- _EXTRACTED INFORMATION_

(* Let $B$ be a supersoluble brace, and let $C$ be a maximal subbrace of $B$ (a proper subbrace not properly contained in any proper subbrace). Then $|B:C|$ is a prime number. In particular, $(C,+)$ (resp. $(C,\cdot)$) is a maximal subgroup of $(B,+)$ (resp. $(B,\cdot)$) of prime index.
   Context: A brace (skew left brace) is a set $B$ with two binary operations $+$ and $\cdot$ such that $(B,+)$ and $(B,\cdot)$ are groups and $a(b+c)=ab-a+ac$ for all $a,b,c\in B$. A subbrace is a subset that is a subgroup of both groups. $\lambda_a(b)=-a+ab$ defines a homomorphism $\lambda\colon(B,\cdot)\to\operatorname{Aut}(B,+)$. An ideal is a subbrace normal in both groups and invariant under all $\lambda_b$; quotients by ideals are braces. $\operatorname{Soc}(B)=\operatorname{Ker}\lambda\cap Z(B,+)$. $B$ is supersoluble if there is a finite chain of ideals $\{0\}=I_0\le\dots\le I_n=B$ such that for each $i$, either $(I_{i+1}/I_i,+)$ is infinite cyclic and $I_{i+1}/I_i\le\operatorname{Soc}(B/I_i)$, or $I_{i+1}/I_i$ has prime order. For a subbrace $C$, if $|(B,+):(C,+)|$ and $|(B,\cdot):(C,\cdot)|$ are both finite and equal to $n$, the index $|B:C|$ is defined to be $n$. *)

(* Braces may be infinite,
   so the two groups are given by explicit operations and axioms. *)
From mathcomp Require Import all_boot.
Set Implicit Arguments.
Unset Strict Implicit.
Unset Printing Implicit Defensive.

- _AIM OF THE TASK_
Write out all the data again, exactly as it appears.

- _OUTPUT_
(* Let $B$ be a supersoluble brace, and let $C$ be a maximal subbrace of $B$ (a proper subbrace not properly contained in any proper subbrace). Then $|B:C|$ is a prime number. In particular, $(C,+)$ (resp. $(C,\cdot)$) is a maximal subgroup of $(B,+)$ (resp. $(B,\cdot)$) of prime index.
   Context: A brace (skew left brace) is a set $B$ with two binary operations $+$ and $\cdot$ such that $(B,+)$ and $(B,\cdot)$ are groups and $a(b+c)=ab-a+ac$ for all $a,b,c\in B$. A subbrace is a subset that is a subgroup of both groups. $\lambda_a(b)=-a+ab$ defines a homomorphism $\lambda\colon(B,\cdot)\to\operatorname{Aut}(B,+)$. An ideal is a subbrace normal in both groups and invariant under all $\lambda_b$; quotients by ideals are braces. $\operatorname{Soc}(B)=\operatorname{Ker}\lambda\cap Z(B,+)$. $B$ is supersoluble if there is a finite chain of ideals $\{0\}=I_0\le\dots\le I_n=B$ such that for each $i$, either $(I_{i+1}/I_i,+)$ is infinite cyclic and $I_{i+1}/I_i\le\operatorname{Soc}(B/I_i)$, or $I_{i+1}/I_i$ has prime order. For a subbrace $C$, if $|(B,+):(C,+)|$ and $|(B,\cdot):(C,\cdot)|$ are both finite and equal to $n$, the index $|B:C|$ is defined to be $n$. *)

(* Braces may be infinite,
   so the two groups are given by explicit operations and axioms. *)
From mathcomp Require Import all_boot.
Set Implicit Arguments.
Unset Strict Implicit.
Unset Printing Implicit Defensive.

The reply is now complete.